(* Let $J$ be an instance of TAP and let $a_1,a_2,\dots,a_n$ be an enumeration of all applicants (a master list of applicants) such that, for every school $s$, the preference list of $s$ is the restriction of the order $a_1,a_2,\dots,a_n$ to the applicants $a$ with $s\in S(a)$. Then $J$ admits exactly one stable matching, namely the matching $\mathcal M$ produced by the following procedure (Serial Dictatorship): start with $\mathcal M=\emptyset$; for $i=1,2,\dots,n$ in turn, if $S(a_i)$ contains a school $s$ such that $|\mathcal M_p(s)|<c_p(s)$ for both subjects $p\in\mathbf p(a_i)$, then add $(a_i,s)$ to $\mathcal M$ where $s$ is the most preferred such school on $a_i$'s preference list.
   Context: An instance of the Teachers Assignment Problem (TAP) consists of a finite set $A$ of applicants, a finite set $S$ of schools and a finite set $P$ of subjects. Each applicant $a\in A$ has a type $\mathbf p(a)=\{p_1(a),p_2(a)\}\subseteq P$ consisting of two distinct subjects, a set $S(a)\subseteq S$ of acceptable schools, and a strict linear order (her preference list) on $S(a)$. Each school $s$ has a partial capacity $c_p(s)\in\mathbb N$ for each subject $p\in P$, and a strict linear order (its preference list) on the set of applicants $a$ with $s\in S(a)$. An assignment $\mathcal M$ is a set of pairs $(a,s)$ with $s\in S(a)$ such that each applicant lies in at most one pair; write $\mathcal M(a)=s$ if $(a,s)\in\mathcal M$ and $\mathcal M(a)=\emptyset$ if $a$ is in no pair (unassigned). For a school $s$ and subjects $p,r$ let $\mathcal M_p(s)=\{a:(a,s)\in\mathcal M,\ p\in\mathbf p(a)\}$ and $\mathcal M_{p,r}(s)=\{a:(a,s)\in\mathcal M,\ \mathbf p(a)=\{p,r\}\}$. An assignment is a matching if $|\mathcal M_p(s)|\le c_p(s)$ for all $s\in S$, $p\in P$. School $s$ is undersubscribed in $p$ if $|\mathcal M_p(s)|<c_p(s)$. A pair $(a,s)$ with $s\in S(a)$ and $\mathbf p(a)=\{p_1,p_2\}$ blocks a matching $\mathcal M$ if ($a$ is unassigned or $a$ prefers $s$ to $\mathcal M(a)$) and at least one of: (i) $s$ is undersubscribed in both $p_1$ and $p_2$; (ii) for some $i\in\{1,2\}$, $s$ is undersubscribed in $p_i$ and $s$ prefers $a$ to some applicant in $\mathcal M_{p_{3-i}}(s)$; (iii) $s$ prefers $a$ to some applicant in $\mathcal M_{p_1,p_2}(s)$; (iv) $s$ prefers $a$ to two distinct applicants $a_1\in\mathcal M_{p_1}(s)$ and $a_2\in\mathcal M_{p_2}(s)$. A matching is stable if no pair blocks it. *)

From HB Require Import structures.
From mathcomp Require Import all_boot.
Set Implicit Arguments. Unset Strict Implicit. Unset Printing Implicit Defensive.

...

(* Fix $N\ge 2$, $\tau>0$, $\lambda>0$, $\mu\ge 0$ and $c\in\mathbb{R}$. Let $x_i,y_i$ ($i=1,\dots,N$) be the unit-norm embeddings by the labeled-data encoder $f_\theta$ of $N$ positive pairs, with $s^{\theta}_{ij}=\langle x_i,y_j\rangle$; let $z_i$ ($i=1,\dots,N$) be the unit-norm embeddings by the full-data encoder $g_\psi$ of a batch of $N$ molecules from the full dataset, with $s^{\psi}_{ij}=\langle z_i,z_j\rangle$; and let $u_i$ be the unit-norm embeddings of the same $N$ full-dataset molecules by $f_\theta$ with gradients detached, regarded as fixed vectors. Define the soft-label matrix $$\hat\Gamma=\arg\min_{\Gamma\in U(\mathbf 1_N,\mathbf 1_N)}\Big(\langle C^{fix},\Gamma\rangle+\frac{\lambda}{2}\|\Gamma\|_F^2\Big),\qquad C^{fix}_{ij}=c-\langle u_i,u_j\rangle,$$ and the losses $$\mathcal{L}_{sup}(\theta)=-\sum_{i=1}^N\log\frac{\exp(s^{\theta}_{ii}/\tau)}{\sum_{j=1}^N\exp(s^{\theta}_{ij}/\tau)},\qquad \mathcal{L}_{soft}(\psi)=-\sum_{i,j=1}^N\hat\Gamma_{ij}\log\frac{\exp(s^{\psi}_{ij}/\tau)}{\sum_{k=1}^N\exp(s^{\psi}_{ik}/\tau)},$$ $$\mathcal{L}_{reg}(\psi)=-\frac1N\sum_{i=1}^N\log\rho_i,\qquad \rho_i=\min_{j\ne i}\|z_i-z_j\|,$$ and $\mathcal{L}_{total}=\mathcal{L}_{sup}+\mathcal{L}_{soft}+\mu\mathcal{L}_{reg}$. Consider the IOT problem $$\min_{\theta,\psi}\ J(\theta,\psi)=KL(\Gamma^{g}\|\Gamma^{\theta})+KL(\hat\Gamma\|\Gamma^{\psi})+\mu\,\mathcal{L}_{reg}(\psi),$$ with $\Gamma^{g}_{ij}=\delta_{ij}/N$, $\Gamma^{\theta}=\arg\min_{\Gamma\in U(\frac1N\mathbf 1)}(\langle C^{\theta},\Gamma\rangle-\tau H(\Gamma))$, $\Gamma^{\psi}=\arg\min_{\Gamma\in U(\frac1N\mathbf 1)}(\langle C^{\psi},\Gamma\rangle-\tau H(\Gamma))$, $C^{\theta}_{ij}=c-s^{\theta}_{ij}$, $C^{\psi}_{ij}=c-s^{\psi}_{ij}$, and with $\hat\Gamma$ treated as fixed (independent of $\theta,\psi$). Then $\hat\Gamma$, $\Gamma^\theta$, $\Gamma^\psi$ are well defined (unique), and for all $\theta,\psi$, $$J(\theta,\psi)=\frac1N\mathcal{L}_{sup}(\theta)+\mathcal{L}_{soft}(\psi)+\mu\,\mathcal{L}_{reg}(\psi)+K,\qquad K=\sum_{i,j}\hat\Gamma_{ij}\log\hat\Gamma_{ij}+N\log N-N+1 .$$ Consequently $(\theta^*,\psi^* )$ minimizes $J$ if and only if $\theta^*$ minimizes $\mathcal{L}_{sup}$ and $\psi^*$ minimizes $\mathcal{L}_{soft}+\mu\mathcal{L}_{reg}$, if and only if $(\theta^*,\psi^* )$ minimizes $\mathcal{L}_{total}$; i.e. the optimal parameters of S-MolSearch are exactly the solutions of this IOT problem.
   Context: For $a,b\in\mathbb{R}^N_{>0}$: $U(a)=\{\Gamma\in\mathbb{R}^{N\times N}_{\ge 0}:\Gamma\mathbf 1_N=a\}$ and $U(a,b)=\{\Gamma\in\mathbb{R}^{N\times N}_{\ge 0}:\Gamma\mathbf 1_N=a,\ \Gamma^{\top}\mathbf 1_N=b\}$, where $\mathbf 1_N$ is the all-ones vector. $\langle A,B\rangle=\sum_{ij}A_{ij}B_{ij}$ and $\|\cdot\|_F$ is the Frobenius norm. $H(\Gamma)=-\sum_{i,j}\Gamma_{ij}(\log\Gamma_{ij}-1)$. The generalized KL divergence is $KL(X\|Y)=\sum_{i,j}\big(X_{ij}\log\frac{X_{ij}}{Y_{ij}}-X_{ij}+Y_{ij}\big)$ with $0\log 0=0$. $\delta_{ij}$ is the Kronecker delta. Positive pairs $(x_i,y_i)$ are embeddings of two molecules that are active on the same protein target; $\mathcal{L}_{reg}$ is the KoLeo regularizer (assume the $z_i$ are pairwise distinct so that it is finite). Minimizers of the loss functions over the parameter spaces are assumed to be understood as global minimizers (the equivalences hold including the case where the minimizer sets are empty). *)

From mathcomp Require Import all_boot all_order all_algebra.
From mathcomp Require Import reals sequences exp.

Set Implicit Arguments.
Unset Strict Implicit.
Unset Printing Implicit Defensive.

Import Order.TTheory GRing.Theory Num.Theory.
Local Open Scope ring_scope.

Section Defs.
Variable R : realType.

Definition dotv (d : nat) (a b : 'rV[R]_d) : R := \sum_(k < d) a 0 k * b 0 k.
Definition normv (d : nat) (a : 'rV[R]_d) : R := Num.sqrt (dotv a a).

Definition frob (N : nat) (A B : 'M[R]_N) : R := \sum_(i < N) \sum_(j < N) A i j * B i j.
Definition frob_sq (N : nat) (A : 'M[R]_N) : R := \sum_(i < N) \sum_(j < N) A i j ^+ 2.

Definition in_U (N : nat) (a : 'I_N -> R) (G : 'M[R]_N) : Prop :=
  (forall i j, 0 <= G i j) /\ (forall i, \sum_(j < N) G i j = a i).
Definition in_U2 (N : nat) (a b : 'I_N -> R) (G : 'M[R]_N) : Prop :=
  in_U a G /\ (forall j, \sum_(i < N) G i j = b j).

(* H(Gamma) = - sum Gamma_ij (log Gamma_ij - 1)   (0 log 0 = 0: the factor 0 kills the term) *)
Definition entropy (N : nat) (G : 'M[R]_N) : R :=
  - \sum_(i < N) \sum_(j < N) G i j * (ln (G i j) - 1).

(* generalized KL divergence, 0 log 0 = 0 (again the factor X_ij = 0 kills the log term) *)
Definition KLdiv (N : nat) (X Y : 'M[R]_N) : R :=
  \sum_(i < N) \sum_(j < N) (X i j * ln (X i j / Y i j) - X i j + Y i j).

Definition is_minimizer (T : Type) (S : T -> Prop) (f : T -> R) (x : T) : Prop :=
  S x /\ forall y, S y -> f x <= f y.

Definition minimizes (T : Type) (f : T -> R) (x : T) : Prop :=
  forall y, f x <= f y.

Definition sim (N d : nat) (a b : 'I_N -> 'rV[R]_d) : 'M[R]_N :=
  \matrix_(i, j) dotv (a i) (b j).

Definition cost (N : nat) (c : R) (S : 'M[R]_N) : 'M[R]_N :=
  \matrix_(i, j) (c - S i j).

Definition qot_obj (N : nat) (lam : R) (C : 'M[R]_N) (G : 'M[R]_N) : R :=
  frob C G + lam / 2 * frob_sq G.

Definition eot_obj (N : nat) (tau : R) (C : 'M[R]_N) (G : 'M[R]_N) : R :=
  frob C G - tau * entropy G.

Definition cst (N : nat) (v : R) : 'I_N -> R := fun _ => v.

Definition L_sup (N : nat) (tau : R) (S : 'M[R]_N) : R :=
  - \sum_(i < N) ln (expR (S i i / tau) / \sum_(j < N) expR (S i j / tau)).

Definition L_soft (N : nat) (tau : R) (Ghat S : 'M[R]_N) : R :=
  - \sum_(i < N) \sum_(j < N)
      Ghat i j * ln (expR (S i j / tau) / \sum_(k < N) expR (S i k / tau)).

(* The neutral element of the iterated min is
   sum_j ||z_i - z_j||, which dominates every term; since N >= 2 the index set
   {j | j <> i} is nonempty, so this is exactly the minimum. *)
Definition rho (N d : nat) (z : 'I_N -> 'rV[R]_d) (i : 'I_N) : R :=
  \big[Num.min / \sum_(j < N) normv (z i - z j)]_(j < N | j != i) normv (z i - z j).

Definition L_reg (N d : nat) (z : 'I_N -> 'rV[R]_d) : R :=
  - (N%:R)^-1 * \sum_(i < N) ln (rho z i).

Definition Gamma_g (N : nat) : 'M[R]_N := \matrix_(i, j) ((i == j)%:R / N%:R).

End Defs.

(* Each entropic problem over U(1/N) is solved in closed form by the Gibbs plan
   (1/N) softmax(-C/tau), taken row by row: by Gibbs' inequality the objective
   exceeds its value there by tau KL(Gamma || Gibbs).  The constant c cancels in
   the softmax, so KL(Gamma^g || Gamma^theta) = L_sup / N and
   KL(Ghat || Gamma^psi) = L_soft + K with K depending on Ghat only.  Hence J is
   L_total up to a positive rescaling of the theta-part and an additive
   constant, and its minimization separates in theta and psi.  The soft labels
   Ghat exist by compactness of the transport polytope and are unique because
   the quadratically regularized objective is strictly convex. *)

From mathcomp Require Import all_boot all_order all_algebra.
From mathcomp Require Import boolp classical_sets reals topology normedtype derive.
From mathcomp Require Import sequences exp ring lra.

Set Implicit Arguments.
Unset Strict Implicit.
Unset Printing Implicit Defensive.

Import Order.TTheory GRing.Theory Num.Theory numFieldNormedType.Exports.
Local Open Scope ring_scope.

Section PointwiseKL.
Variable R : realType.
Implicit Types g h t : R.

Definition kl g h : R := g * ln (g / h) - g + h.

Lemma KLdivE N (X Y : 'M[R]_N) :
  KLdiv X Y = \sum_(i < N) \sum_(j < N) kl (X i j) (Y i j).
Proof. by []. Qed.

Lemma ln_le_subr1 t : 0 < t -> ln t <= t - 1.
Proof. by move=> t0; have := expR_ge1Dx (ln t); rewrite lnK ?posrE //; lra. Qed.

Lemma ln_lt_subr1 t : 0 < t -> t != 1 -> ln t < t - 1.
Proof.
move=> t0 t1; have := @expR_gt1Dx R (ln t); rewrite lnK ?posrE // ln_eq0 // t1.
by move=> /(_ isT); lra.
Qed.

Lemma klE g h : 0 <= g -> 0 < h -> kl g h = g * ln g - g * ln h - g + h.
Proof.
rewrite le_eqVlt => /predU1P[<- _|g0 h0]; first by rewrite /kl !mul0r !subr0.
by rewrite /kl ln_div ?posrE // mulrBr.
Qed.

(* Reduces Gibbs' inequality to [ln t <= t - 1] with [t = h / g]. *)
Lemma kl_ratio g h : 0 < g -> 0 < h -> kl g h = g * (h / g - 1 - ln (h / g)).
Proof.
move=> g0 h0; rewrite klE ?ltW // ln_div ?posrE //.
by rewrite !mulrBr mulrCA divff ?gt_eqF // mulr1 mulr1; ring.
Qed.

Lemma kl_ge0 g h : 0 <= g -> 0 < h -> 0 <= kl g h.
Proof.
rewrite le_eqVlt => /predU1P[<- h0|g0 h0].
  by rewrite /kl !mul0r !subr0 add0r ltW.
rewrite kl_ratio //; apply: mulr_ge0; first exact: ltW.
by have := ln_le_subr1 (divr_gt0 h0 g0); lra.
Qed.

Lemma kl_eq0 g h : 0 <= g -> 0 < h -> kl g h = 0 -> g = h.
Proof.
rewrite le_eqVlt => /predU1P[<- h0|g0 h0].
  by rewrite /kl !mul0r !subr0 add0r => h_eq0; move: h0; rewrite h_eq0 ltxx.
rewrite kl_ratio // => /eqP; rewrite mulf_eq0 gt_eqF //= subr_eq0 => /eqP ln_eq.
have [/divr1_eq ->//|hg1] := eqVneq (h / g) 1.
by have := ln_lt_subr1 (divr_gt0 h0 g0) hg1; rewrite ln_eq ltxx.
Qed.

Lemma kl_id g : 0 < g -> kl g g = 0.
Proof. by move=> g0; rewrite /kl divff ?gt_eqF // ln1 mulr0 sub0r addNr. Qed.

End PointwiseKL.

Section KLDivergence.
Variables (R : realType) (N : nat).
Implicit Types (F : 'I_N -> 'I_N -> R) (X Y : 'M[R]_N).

*DESCRIPTION OF THE TASK:* Among the records, find every line holding the word "Prop" and copy it.

*RESPONSE TO THIS TASK:*
Definition in_U (N : nat) (a : 'I_N -> R) (G : 'M[R]_N) : Prop :=
Definition in_U2 (N : nat) (a b : 'I_N -> R) (G : 'M[R]_N) : Prop :=
Definition is_minimizer (T : Type) (S : T -> Prop) (f : T -> R) (x : T) : Prop :=
Definition minimizes (T : Type) (f : T -> R) (x : T) : Prop :=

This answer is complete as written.